▶ _Stored data_
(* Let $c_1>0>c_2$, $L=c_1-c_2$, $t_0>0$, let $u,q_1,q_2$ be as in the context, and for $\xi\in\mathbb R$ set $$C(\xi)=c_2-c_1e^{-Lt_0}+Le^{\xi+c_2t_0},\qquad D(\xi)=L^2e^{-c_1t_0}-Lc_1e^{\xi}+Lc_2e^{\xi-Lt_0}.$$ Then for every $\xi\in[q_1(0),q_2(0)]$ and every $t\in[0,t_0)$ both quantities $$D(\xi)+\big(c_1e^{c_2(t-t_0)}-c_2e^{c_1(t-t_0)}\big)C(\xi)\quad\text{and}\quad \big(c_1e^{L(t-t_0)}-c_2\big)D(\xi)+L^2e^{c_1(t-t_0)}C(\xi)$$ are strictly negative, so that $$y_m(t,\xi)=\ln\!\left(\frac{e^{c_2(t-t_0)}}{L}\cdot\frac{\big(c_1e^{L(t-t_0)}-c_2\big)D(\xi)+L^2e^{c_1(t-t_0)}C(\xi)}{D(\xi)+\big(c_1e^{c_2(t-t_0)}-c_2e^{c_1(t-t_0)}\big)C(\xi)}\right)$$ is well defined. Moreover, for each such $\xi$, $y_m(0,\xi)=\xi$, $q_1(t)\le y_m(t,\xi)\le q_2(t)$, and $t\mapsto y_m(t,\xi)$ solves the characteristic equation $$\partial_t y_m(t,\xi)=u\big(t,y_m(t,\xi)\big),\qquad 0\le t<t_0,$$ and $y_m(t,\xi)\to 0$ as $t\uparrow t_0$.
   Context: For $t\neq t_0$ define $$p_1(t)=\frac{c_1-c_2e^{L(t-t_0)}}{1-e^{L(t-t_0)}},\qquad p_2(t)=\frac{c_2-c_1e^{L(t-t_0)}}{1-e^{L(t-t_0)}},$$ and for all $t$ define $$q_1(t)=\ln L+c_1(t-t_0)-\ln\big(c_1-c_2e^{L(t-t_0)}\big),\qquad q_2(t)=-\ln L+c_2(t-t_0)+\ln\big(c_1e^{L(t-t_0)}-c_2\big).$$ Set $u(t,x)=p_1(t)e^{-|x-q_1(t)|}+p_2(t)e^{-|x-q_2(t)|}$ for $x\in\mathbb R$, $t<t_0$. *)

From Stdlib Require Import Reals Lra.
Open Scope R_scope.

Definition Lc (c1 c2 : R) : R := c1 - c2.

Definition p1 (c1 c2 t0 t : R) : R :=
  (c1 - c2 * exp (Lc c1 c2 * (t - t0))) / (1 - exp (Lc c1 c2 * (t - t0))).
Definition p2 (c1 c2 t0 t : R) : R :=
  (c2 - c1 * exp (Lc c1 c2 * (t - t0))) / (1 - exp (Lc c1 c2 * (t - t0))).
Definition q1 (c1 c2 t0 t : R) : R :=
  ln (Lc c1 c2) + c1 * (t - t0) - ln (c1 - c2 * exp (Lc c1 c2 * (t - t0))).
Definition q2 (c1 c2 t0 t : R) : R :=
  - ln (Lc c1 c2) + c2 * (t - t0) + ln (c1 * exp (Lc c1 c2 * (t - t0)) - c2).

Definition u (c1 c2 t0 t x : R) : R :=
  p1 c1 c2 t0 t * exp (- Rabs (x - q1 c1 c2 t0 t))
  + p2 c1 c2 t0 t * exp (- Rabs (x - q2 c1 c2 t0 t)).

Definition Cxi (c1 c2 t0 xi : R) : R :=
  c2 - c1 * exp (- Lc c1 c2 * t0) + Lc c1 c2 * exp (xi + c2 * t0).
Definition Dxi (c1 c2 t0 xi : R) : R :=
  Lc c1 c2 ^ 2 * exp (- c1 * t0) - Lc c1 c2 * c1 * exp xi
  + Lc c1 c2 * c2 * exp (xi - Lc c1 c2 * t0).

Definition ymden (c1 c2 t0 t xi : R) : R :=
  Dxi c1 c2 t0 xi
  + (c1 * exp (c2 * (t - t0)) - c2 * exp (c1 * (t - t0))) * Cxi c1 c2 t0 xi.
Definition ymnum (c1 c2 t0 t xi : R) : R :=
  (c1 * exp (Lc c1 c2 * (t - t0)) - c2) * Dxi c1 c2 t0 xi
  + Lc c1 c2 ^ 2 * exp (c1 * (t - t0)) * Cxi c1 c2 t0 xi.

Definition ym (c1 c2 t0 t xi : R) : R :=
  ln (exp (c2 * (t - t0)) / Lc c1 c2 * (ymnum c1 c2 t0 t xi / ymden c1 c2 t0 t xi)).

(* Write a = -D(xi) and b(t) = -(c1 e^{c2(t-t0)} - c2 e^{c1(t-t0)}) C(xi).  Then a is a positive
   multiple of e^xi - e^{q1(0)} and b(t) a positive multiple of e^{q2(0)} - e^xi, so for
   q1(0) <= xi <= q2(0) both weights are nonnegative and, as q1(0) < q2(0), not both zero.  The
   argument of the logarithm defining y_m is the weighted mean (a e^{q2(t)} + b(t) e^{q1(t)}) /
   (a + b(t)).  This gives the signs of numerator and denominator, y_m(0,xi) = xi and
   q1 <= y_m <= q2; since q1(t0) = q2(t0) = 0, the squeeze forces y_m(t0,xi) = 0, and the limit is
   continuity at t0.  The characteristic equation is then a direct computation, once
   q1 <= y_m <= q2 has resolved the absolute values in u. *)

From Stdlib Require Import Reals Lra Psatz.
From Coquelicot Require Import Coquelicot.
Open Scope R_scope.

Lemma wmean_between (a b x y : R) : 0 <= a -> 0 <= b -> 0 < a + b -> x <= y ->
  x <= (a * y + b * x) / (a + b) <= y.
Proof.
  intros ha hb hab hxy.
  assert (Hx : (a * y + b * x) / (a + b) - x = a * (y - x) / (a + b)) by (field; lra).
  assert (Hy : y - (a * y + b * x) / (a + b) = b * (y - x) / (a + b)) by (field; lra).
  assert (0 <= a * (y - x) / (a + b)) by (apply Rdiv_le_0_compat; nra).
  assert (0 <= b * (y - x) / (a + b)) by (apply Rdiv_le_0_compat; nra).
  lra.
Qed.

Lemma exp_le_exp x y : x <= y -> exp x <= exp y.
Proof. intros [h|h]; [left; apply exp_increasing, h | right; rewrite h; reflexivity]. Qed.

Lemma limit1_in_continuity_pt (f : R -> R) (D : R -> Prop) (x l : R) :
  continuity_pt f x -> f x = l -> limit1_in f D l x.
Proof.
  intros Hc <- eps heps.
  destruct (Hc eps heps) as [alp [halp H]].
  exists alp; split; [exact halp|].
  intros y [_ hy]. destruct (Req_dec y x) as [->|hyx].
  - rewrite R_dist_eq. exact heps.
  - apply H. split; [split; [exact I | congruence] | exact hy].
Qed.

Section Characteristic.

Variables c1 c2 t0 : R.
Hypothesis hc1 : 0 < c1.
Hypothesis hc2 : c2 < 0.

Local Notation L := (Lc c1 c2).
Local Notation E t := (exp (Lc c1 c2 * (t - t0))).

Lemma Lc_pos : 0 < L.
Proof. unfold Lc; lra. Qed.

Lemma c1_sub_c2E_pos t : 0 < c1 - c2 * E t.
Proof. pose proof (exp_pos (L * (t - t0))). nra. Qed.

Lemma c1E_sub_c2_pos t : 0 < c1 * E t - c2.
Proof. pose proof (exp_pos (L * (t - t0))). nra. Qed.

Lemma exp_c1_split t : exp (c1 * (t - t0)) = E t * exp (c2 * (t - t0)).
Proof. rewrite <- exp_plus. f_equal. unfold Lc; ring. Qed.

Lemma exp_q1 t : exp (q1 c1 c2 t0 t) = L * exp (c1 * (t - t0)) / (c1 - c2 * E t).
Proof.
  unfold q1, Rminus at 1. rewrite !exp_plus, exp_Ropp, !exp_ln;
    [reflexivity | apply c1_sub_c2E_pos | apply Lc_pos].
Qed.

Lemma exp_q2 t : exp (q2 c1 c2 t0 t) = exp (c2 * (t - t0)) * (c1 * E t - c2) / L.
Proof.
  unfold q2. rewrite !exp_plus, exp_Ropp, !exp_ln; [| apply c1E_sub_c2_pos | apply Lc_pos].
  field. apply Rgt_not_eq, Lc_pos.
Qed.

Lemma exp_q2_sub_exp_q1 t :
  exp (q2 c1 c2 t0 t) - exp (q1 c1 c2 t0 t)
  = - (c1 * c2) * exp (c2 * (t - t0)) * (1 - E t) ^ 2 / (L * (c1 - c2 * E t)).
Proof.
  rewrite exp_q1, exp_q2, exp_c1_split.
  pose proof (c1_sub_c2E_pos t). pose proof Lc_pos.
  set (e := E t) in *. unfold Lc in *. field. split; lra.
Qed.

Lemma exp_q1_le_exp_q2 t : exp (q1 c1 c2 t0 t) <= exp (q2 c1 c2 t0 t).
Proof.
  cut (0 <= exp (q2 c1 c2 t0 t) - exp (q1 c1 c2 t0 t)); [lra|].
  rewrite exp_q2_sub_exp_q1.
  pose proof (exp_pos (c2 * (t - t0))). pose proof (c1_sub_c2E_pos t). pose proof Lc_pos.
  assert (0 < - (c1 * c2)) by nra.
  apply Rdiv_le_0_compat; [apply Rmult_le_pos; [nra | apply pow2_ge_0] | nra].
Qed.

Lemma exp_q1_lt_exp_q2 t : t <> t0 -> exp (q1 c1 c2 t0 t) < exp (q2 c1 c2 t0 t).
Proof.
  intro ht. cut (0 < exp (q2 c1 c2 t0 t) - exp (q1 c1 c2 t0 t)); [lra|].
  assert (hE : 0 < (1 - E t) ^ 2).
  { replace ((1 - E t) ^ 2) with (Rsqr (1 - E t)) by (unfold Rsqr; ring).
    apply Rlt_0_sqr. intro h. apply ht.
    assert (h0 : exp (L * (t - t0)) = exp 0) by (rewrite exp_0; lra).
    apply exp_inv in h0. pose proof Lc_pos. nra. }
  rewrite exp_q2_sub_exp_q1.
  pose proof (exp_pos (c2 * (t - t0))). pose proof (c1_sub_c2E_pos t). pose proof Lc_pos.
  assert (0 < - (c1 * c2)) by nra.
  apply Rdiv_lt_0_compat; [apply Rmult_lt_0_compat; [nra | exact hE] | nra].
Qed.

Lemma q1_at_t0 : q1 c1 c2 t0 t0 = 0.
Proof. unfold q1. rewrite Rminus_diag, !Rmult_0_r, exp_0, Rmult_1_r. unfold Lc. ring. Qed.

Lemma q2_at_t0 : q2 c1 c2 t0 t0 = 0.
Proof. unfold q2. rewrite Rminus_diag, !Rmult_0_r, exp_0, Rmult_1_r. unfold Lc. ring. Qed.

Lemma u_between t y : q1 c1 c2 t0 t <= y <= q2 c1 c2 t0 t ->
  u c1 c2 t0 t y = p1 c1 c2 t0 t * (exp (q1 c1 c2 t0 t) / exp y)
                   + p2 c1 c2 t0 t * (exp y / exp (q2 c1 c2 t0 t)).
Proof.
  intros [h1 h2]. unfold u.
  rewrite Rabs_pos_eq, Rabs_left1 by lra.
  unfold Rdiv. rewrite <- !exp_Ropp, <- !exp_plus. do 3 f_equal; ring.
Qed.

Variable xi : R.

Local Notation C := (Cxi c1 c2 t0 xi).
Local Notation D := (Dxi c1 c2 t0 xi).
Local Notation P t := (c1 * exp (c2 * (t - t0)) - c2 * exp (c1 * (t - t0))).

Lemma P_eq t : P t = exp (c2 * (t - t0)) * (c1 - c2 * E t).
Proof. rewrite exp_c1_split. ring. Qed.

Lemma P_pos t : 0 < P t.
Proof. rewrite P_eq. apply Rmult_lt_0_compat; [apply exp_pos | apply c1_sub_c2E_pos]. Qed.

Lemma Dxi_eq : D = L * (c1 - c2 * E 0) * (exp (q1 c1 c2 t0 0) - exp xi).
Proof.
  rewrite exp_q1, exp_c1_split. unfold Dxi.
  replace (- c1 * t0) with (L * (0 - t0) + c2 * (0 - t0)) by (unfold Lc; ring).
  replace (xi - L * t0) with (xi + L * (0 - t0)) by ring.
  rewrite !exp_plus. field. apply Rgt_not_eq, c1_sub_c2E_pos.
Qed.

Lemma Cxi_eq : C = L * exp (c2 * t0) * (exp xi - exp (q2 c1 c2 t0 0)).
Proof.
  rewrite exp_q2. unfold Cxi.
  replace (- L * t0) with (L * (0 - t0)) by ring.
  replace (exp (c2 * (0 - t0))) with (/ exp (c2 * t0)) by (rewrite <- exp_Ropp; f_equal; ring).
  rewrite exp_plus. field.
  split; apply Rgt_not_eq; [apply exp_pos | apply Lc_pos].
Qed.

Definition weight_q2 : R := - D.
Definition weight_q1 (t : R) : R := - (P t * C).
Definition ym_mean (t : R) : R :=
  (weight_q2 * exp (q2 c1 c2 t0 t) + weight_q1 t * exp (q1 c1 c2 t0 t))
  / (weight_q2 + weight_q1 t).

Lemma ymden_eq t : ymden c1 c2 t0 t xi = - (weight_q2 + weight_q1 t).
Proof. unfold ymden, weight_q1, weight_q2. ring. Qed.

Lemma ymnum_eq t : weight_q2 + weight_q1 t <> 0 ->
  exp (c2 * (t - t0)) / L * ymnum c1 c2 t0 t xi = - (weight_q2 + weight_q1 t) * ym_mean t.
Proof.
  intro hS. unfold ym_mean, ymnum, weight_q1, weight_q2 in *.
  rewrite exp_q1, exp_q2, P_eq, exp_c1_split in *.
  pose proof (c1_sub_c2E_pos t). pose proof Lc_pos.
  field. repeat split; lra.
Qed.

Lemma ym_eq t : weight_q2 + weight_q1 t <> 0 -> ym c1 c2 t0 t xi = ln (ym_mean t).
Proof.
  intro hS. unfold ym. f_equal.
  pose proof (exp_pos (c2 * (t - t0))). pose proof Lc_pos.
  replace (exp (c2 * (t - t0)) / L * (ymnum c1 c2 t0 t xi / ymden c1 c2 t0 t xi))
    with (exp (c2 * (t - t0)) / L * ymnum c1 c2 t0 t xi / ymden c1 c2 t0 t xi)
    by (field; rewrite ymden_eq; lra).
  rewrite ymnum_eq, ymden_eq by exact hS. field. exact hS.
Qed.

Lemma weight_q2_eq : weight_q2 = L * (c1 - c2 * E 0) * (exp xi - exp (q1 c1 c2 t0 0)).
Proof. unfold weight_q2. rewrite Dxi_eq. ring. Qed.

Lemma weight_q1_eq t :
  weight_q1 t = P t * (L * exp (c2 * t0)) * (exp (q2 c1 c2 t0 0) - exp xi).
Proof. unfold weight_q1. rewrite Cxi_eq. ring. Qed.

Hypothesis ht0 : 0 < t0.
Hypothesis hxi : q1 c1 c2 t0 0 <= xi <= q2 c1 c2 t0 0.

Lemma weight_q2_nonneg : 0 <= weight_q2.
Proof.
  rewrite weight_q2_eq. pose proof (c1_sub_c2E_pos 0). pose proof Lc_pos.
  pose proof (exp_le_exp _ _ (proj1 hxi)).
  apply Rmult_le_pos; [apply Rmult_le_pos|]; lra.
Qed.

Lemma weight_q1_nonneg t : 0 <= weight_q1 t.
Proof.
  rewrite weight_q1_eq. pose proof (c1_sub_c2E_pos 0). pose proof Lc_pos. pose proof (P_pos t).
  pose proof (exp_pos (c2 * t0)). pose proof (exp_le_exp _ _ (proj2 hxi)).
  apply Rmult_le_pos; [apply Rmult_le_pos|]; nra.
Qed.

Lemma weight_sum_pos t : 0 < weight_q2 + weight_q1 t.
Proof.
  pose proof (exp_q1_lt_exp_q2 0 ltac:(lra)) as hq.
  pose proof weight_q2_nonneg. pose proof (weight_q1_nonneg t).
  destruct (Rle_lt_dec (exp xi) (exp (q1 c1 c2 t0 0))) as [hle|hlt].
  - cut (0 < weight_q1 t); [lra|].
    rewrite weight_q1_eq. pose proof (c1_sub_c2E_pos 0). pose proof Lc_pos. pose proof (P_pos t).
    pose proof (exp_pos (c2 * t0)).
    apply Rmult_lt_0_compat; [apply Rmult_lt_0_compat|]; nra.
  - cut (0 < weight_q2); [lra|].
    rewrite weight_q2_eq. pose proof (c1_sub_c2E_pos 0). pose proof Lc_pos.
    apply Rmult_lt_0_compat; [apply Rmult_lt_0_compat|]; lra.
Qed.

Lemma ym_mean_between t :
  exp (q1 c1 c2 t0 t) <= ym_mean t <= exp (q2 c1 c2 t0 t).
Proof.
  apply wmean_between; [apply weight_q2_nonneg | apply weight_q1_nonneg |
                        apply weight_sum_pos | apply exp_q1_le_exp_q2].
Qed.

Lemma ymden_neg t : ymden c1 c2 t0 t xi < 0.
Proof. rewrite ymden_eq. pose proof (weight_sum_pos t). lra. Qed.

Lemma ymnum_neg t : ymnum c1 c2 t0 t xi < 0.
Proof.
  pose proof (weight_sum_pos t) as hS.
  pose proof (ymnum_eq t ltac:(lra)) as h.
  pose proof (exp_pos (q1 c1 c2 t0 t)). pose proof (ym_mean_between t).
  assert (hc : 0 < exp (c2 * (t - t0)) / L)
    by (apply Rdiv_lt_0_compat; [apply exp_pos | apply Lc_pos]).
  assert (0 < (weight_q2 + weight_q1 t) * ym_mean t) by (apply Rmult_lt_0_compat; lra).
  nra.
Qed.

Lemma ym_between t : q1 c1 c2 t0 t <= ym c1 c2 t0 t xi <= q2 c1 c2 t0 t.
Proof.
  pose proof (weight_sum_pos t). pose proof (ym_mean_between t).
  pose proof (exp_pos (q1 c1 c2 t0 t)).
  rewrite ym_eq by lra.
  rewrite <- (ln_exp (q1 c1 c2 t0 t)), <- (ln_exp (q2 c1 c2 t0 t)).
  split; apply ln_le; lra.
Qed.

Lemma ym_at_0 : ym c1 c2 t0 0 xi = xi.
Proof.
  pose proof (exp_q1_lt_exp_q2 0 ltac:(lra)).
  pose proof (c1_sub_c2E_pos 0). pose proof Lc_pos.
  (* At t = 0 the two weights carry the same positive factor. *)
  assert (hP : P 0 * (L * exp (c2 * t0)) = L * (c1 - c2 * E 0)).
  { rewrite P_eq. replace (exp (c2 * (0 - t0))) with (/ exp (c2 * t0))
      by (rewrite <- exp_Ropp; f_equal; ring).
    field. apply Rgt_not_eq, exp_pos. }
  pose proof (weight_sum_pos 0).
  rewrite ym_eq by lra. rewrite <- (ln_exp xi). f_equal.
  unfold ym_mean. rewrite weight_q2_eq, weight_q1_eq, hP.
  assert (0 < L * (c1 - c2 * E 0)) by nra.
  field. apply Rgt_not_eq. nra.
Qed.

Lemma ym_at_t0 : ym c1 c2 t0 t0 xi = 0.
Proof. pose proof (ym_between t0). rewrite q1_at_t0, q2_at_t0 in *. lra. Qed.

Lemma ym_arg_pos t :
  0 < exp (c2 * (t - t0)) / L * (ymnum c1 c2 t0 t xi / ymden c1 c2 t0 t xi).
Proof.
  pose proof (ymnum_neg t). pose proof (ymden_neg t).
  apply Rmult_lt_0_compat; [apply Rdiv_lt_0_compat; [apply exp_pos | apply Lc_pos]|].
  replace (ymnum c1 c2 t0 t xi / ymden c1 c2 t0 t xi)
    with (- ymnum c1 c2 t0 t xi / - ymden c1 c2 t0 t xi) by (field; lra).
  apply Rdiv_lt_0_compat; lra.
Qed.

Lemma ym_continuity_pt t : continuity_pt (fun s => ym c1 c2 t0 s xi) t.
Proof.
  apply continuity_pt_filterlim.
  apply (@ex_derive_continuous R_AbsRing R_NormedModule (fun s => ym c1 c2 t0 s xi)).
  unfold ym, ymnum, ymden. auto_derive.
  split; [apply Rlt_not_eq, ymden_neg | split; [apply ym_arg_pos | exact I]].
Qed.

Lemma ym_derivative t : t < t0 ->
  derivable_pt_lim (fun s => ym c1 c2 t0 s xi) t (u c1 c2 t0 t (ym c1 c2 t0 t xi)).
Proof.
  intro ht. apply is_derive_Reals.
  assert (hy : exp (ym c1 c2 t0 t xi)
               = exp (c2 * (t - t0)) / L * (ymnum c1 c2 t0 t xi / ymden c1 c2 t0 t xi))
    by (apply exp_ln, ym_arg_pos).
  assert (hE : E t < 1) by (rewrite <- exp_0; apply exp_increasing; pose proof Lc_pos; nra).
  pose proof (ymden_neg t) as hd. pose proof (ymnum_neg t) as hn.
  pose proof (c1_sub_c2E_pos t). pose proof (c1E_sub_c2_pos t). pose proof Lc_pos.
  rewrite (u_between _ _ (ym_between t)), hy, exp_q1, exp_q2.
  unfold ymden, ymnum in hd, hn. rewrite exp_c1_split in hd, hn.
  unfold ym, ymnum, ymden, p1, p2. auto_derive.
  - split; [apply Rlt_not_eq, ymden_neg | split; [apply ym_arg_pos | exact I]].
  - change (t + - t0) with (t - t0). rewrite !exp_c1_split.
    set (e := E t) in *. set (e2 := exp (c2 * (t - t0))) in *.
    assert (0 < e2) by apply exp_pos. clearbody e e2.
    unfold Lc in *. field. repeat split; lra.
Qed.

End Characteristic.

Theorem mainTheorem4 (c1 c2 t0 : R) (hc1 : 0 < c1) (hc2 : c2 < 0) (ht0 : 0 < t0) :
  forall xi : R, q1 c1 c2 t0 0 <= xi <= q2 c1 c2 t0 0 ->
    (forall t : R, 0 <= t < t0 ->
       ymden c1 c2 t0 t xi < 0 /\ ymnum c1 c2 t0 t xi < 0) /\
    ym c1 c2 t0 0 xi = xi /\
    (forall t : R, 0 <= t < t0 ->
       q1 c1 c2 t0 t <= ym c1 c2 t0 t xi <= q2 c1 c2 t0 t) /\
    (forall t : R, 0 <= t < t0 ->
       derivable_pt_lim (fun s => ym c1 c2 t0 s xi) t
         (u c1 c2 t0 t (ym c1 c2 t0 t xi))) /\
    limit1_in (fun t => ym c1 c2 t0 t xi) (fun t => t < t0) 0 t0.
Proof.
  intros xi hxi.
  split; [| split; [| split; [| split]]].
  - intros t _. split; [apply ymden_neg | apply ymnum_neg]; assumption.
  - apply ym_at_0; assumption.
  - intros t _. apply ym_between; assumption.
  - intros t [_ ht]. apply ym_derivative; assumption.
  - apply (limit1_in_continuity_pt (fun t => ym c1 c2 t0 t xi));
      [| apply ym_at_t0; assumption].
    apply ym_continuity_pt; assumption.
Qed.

▶ _What you will do_
The reply should consist only of the line containing "limit1_in (fun t" and all lines after it in the listing above, reproduced exactly.

▶ _Task response_
    limit1_in (fun t => ym c1 c2 t0 t xi) (fun t => t < t0) 0 t0.
Proof.
  intros xi hxi.
  split; [| split; [| split; [| split]]].
  - intros t _. split; [apply ymden_neg | apply ymnum_neg]; assumption.
  - apply ym_at_0; assumption.
  - intros t _. apply ym_between; assumption.
  - intros t [_ ht]. apply ym_derivative; assumption.
  - apply (limit1_in_continuity_pt (fun t => ym c1 c2 t0 t xi));
      [| apply ym_at_t0; assumption].
    apply ym_continuity_pt; assumption.
Qed.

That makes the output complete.